(* Let $G=(V,E)$ be a finite simple undirected graph with $|V|=n\ge 1$ and adjacency matrix $A$. Let $\lambda_1\ge\dots\ge\lambda_n$ be the eigenvalues of $A$ (listed with multiplicity), fix an orthonormal basis of $\mathbb{R}^n$ consisting of eigenvectors of $A$ (the $j$-th eigenvector having eigenvalue $\lambda_j$), and let $\mu_1,\dots,\mu_n$ be the coordinates of the all-ones vector $\mathbf{1}_n$ with respect to this basis. Let $k\ge 1$ and let $$f(\mathbf{x})=\sum_{\alpha\in\mathbb{N}^k} c_\alpha\, x_1^{\alpha_1}\cdots x_k^{\alpha_k}\in\mathbb{R}[x_1,\dots,x_k],$$ with $c_\alpha\in\mathbb{R}$ and $c_\alpha=0$ for all but finitely many $\alpha$. Then there are numbers $\gamma(i_1,\dots,i_k)>0$ such that $$\sum_{\alpha\in\mathbb{N}^k} c_\alpha\, w_{\alpha_1}\cdots w_{\alpha_k}=\sum_{1\le i_1\le\dots\le i_k\le n}\gamma(i_1,\dots,i_k)\, f_{\mathrm{sym}}(\lambda_{i_1},\dots,\lambda_{i_k})\,\mu_{i_1}^2\cdots\mu_{i_k}^2 .$$
   Context: $\mathbb{N}$ denotes the nonnegative integers. For $j\in\mathbb{N}$, $w_j=w_j(G)$ denotes the total number of walks of length $j$ in $G$ (a walk is a sequence of vertices in which consecutive vertices are adjacent; vertices and edges may repeat; the length is the number of edges), so $w_0=n$ and $w_j=\mathbf{1}_n^T A^j\mathbf{1}_n$. For a polynomial $f\in\mathbb{R}[x_1,\dots,x_k]$, its symmetrization is $f_{\mathrm{sym}}(\mathbf{x})=\sum_{\sigma\in S_k} f(x_{\sigma(1)},\dots,x_{\sigma(k)})$. *)

From HB Require Import structures.
From mathcomp Require Import all_boot all_order all_algebra all_fingroup.
From mathcomp Require Export mpoly.
Set Implicit Arguments. Unset Strict Implicit. Unset Printing Implicit Defensive.
Import Order.TTheory GRing.Theory Num.Theory.
Local Open Scope ring_scope.

Definition adjmx (R : nzRingType) (n : nat) (e : rel 'I_n) : 'M[R]_n :=
  \matrix_(i, j) (e i j)%:R.

(* w_j = 1^T A^j 1 : total number of walks of length j *)
Definition walks (R : nzRingType) (n : nat) (e : rel 'I_n) (j : nat) : R :=
  \sum_(u < n) \sum_(v < n) ((adjmx R e) ^+ j) u v.

Definition sympoly_eval (R : comNzRingType) (k : nat) (f : {mpoly R[k]}) (x : 'I_k -> R) : R :=
  \sum_(s : 'S_k) f.@[fun i => x (s i)].

Definition walk_eval (R : comNzRingType) (n k : nat) (e : rel 'I_n) (f : {mpoly R[k]}) : R :=
  \sum_(m <- msupp f) f@_m * \prod_(i < k) walks R e (m i).

From HB Require Import structures.
From mathcomp Require Import all_boot all_order all_algebra all_fingroup.
From mathcomp Require Import mpoly.
Set Implicit Arguments. Unset Strict Implicit. Unset Printing Implicit Defensive.
Import Order.TTheory GRing.Theory Num.Theory.
Local Open Scope ring_scope.

(* Expanding the all-ones vector in the orthonormal eigenbasis gives
   w_j = sum_i mu_i^2 lambda_i^j.  Substituting this into
   sum_alpha c_alpha w_(alpha_1) ... w_(alpha_k) and multiplying out yields a sum,
   over all maps t : [k] -> [n], of prod_a mu_(t a)^2 * f(lambda_(t 1), ..., lambda_(t k)).
   Averaging over the action of S_k on the maps t and grouping them by their
   nondecreasing rearrangement s turns the orbit of s into
   gamma(s) f_sym(lambda o s) prod_a mu_(s a)^2, with gamma(s) = #{t | sort t = s} / k!. *)

Definition ffun_perm (T : Type) k (t : {ffun 'I_k -> T}) (p : 'S_k) : {ffun 'I_k -> T} :=
  [ffun a => t (p a)].

Lemma ffun_perm_inj (T : Type) k (p : 'S_k) : injective (@ffun_perm T k ^~ p).
Proof.
move=> t1 t2 /ffunP eq12; apply/ffunP => a.
by have := eq12 ((p^-1)%g a); rewrite !ffunE permKV.
Qed.

Lemma ffun_permM (T : Type) k (t : {ffun 'I_k -> T}) (p q : 'S_k) :
  ffun_perm (ffun_perm t q) p = ffun_perm t (p * q)%g.
Proof. by apply/ffunP => a; rewrite !ffunE permM. Qed.

Section SortFfun.
Variables n k : nat.
Implicit Types t s : {ffun 'I_k -> 'I_n}.

Definition ffun_sorted t :=
  [forall a : 'I_k, forall b : 'I_k, (a <= b)%N ==> (t a <= t b)%N].

Definition sort_ffun t : {ffun 'I_k -> 'I_n} :=
  [ffun a => tnth (sort_tuple <=%O [tuple t a | a < k]) a].

Lemma ffun_sortedE t : ffun_sorted t = sorted <=%O [tuple t a | a < k].
Proof.
apply/idP/idP => [t_sorted | /le_sorted_leq_nth t_sorted].
  have [k0|k_gt0] := posnP k; first by move: [tuple t a | a < k]; rewrite k0 => u; rewrite tuple0.
  apply/(sortedP (t (Ordinal k_gt0))) => i; rewrite size_tuple => lt_ik.
  have lt_ik' : (i < k)%N by apply: ltnW.
  rewrite -[i]/(nat_of_ord (Ordinal lt_ik')) -[i.+1]/(nat_of_ord (Ordinal lt_ik)).
  rewrite !nth_mktuple leEord.
  exact: (implyP (forallP (forallP t_sorted (Ordinal lt_ik')) (Ordinal lt_ik))).
apply/forallP => a; apply/forallP => b; apply/implyP => le_ab.
have := t_sorted (t a) a b; rewrite !inE size_tuple !ltn_ord !nth_mktuple leEord.
exact.
Qed.

Lemma sort_ffun_tuple t : [tuple sort_ffun t a | a < k] = sort_tuple <=%O [tuple t a | a < k].
Proof. by apply: eq_from_tnth => a; rewrite tnth_mktuple ffunE. Qed.

Lemma sort_ffun_sorted t : ffun_sorted (sort_ffun t).
Proof. by rewrite ffun_sortedE sort_ffun_tuple sort_le_sorted. Qed.

Lemma sort_ffun_id s : ffun_sorted s -> sort_ffun s = s.
Proof.
rewrite ffun_sortedE => /sort_le_id s_sorted.
apply/ffunP => a; rewrite ffunE.
have -> : sort_tuple <=%O [tuple s a | a < k] = [tuple s a | a < k] by exact: val_inj.
by rewrite tnth_mktuple.
Qed.

Lemma sort_ffun_perm t : exists p : 'S_k, t = ffun_perm (sort_ffun t) p.
Proof.
have /tuple_permP[p tE] : perm_eq [tuple t a | a < k] (sort_tuple <=%O [tuple t a | a < k]).
  by rewrite perm_sym perm_sort.
exists p; apply/ffunP => a.
have /(congr1 (fun u : k.-tuple 'I_n => tnth u a)) := val_inj tE.
by rewrite !tnth_mktuple !ffunE.
Qed.

End SortFfun.

Lemma sum_ffun_perm (T : finType) (V : nmodType) k (F : {ffun 'I_k -> T} -> V) :
  \sum_t \sum_(p : 'S_k) F (ffun_perm t p) = (\sum_t F t) *+ k`!.
Proof.
rewrite exchange_big /= (eq_bigr (fun=> \sum_t F t)) => [|p _]; last first.
  by rewrite [RHS](reindex_inj (@ffun_perm_inj T k p)).
by rewrite sumr_const card_Sn.
Qed.

Lemma sum_perm_ffun_perm (T : finType) (V : nmodType) k (F : {ffun 'I_k -> T} -> V)
    (t : {ffun 'I_k -> T}) (q : 'S_k) :
  \sum_(p : 'S_k) F (ffun_perm (ffun_perm t q) p) = \sum_(p : 'S_k) F (ffun_perm t p).
Proof.
rewrite [RHS](reindex_inj (mulIg q)) /=.
by apply: eq_bigr => p _; rewrite ffun_permM.
Qed.

Lemma sum_ffun_sorted_orbits (R : numFieldType) n k (F : {ffun 'I_k -> 'I_n} -> R) :
  exists2 gamma : {ffun 'I_k -> 'I_n} -> R,
    forall s, ffun_sorted s -> 0 < gamma s &
    \sum_t F t = \sum_(s | ffun_sorted s) gamma s * \sum_(p : 'S_k) F (ffun_perm s p).
Proof.
pose orbit_sum t := \sum_(p : 'S_k) F (ffun_perm t p).
pose gamma (s : {ffun 'I_k -> 'I_n}) : R := #|[pred t | sort_ffun t == s]|%:R / k`!%:R.
have fact_neq0 : k`!%:R != 0 :> R by rewrite pnatr_eq0 -lt0n fact_gt0.
exists gamma => [s s_sorted|].
  rewrite divr_gt0 ?ltr0n ?fact_gt0 //; apply/card_gt0P.
  by exists s; rewrite inE sort_ffun_id.
have -> : \sum_t F t = (\sum_t orbit_sum t) / k`!%:R.
  by rewrite /orbit_sum sum_ffun_perm -[X in X / _]mulr_natr mulfK.
rewrite mulr_suml (partition_big (@sort_ffun n k) (@ffun_sorted n k)) /=; last first.
  by move=> t _; exact: sort_ffun_sorted.
apply: eq_bigr => s _; rewrite -mulr_suml (eq_bigr (fun=> orbit_sum s)); last first.
  move=> t /eqP <-; have [p {1}->] := sort_ffun_perm t.
  exact: sum_perm_ffun_perm.
by rewrite sumr_const /gamma mulrAC mulr_natl.
Qed.

Section SpectralWalks.
Variables (R : comNzRingType) (n : nat) (A P : 'M[R]_n) (lambda mu : 'I_n -> R).
Hypothesis P_orth : P^T *m P = 1%:M.
Hypothesis P_eig : forall j, A *m col j P = lambda j *: col j P.
Hypothesis mu_coord : const_mx 1 = \sum_j mu j *: col j P.

Lemma mulmx_eigen_diag : A *m P = P *m diag_mx (\row_i lambda i).
Proof.
apply/matrixP => u v; rewrite mul_mx_diag !mxE mulrC.
have /matrixP/(_ u 0) := P_eig v; rewrite !mxE => <-.
by apply: eq_bigr => w _; rewrite !mxE.
Qed.

Lemma mulmx_eigen_diagX j : A ^+ j *m P = P *m diag_mx (\row_i lambda i ^+ j).
Proof.
elim: j => [|j IHj].
  by apply/matrixP => u v; rewrite mul1mx mul_mx_diag !mxE mulr1.
rewrite exprS -mulmxE -mulmxA IHj mulmxA mulmx_eigen_diag -mulmxA mulmx_diag.
by congr (_ *m diag_mx _); apply/rowP => i; rewrite !mxE exprS.
Qed.

Lemma sum_entries_mxX_eigen j : \sum_u \sum_v (A ^+ j) u v = \sum_i mu i ^+ 2 * lambda i ^+ j.
Proof.
pose m := \col_i mu i; pose ones : 'cV[R]_n := const_mx 1.
have onesE : ones = P *m m.
  rewrite /ones mu_coord; apply/matrixP => u z; rewrite summxE !mxE.
  by apply: eq_bigr => i _; rewrite !mxE mulrC.
have -> : \sum_u \sum_v (A ^+ j) u v = (ones^T *m (A ^+ j *m ones)) 0 0.
  rewrite /ones mxE; apply: eq_bigr => u _; rewrite !mxE mul1r.
  by apply: eq_bigr => v _; rewrite mxE mulr1.
rewrite onesE trmx_mul (mulmxA (A ^+ j)) mulmx_eigen_diagX -!mulmxA (mulmxA P^T) P_orth mul1mx.
rewrite mxE; apply: eq_bigr => i _.
by rewrite mul_diag_mx !mxE mulrCA mulrC expr2.
Qed.

End SpectralWalks.

Lemma sum_msupp_power_sums (R : comNzRingType) n k (f : {mpoly R[k]})
    (c lambda : 'I_n -> R) (w : nat -> R) :
  (forall j, w j = \sum_i c i * lambda i ^+ j) ->
  \sum_(m <- msupp f) f@_m * \prod_(a < k) w (m a) =
  \sum_(t : {ffun 'I_k -> 'I_n}) (\prod_a c (t a)) * f.@[fun a => lambda (t a)].
Proof.
move=> wE.
under eq_bigr => m _ do rewrite (eq_bigr _ (fun a _ => wE (m a))) bigA_distr_bigA big_distrr.
rewrite exchange_big /=; apply: eq_bigr => t _.
rewrite mevalE big_distrr; apply: eq_bigr => m _.
by rewrite big_split /= mulrCA.
Qed.

Theorem proposition1 (R : realFieldType) (n : nat) (e : rel 'I_n)
  (e_sym : ssrbool.symmetric e) (e_irr : irreflexive e) (n_ge1 : (0 < n)%N)
  (lambda : 'I_n -> R) (P : 'M[R]_n) (mu : 'I_n -> R)
  (lambda_noninc : forall i j : 'I_n, (i <= j)%N -> lambda j <= lambda i)
  (P_orth : P^T *m P = 1%:M)
  (P_eig : forall j : 'I_n, adjmx R e *m col j P = lambda j *: col j P)
  (mu_coord : const_mx 1 = \sum_(j < n) mu j *: col j P)
  (k : nat) (k_ge1 : (0 < k)%N) (f : {mpoly R[k]}) :
  exists gamma : {ffun 'I_k -> 'I_n} -> R,
    (forall t : {ffun 'I_k -> 'I_n},
        (forall a b : 'I_k, (a <= b)%N -> (t a <= t b)%N) -> 0 < gamma t) /\
    (@walk_eval R n k e f) =
      \sum_(t : {ffun 'I_k -> 'I_n} |
              [forall a : 'I_k, forall b : 'I_k, (a <= b)%N ==> (t a <= t b)%N])
        gamma t * (@sympoly_eval R k f (fun a => lambda (t a))) * \prod_(a < k) (mu (t a)) ^+ 2.
Proof.
pose F (t : {ffun 'I_k -> 'I_n}) := (\prod_a mu (t a) ^+ 2) * f.@[fun a => lambda (t a)].
have walksE j : walks R e j = \sum_i mu i ^+ 2 * lambda i ^+ j.
  exact: sum_entries_mxX_eigen P_orth P_eig mu_coord j.
have [gamma gamma_gt0 sumFE] := sum_ffun_sorted_orbits F.
exists gamma; split=> [t t_sorted|].
  by apply: gamma_gt0; apply/forallP => a; apply/forallP => b; apply/implyP/t_sorted.
rewrite /walk_eval (sum_msupp_power_sums _ walksE) sumFE.
apply: eq_bigr => s _; rewrite -mulrA [_ * \prod_a _]mulrC; congr (_ * _).
rewrite /sympoly_eval big_distrr; apply: eq_bigr => p _ /=; congr (_ * _).
  by rewrite [RHS](reindex_inj (@perm_inj _ p)); apply: eq_bigr => a _; rewrite ffunE.
by apply: meval_eq => a; rewrite ffunE.
Qed.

|---|

__Task item__: Please return the lines above that run from the line containing "exists gamma => [s s_sorted|]." to the line containing "by apply: eq_bigr => v", inclusive, exactly and with no other lines.

__Solution__:
exists gamma => [s s_sorted|].
  rewrite divr_gt0 ?ltr0n ?fact_gt0 //; apply/card_gt0P.
  by exists s; rewrite inE sort_ffun_id.
have -> : \sum_t F t = (\sum_t orbit_sum t) / k`!%:R.
  by rewrite /orbit_sum sum_ffun_perm -[X in X / _]mulr_natr mulfK.
rewrite mulr_suml (partition_big (@sort_ffun n k) (@ffun_sorted n k)) /=; last first.
  by move=> t _; exact: sort_ffun_sorted.
apply: eq_bigr => s _; rewrite -mulr_suml (eq_bigr (fun=> orbit_sum s)); last first.
  move=> t /eqP <-; have [p {1}->] := sort_ffun_perm t.
  exact: sum_perm_ffun_perm.
by rewrite sumr_const /gamma mulrAC mulr_natl.
Qed.

Section SpectralWalks.
Variables (R : comNzRingType) (n : nat) (A P : 'M[R]_n) (lambda mu : 'I_n -> R).
Hypothesis P_orth : P^T *m P = 1%:M.
Hypothesis P_eig : forall j, A *m col j P = lambda j *: col j P.
Hypothesis mu_coord : const_mx 1 = \sum_j mu j *: col j P.

Lemma mulmx_eigen_diag : A *m P = P *m diag_mx (\row_i lambda i).
Proof.
apply/matrixP => u v; rewrite mul_mx_diag !mxE mulrC.
have /matrixP/(_ u 0) := P_eig v; rewrite !mxE => <-.
by apply: eq_bigr => w _; rewrite !mxE.
Qed.

Lemma mulmx_eigen_diagX j : A ^+ j *m P = P *m diag_mx (\row_i lambda i ^+ j).
Proof.
elim: j => [|j IHj].
  by apply/matrixP => u v; rewrite mul1mx mul_mx_diag !mxE mulr1.
rewrite exprS -mulmxE -mulmxA IHj mulmxA mulmx_eigen_diag -mulmxA mulmx_diag.
by congr (_ *m diag_mx _); apply/rowP => i; rewrite !mxE exprS.
Qed.

Lemma sum_entries_mxX_eigen j : \sum_u \sum_v (A ^+ j) u v = \sum_i mu i ^+ 2 * lambda i ^+ j.
Proof.
pose m := \col_i mu i; pose ones : 'cV[R]_n := const_mx 1.
have onesE : ones = P *m m.
  rewrite /ones mu_coord; apply/matrixP => u z; rewrite summxE !mxE.
  by apply: eq_bigr => i _; rewrite !mxE mulrC.
have -> : \sum_u \sum_v (A ^+ j) u v = (ones^T *m (A ^+ j *m ones)) 0 0.
  rewrite /ones mxE; apply: eq_bigr => u _; rewrite !mxE mul1r.
  by apply: eq_bigr => v _; rewrite mxE mulr1.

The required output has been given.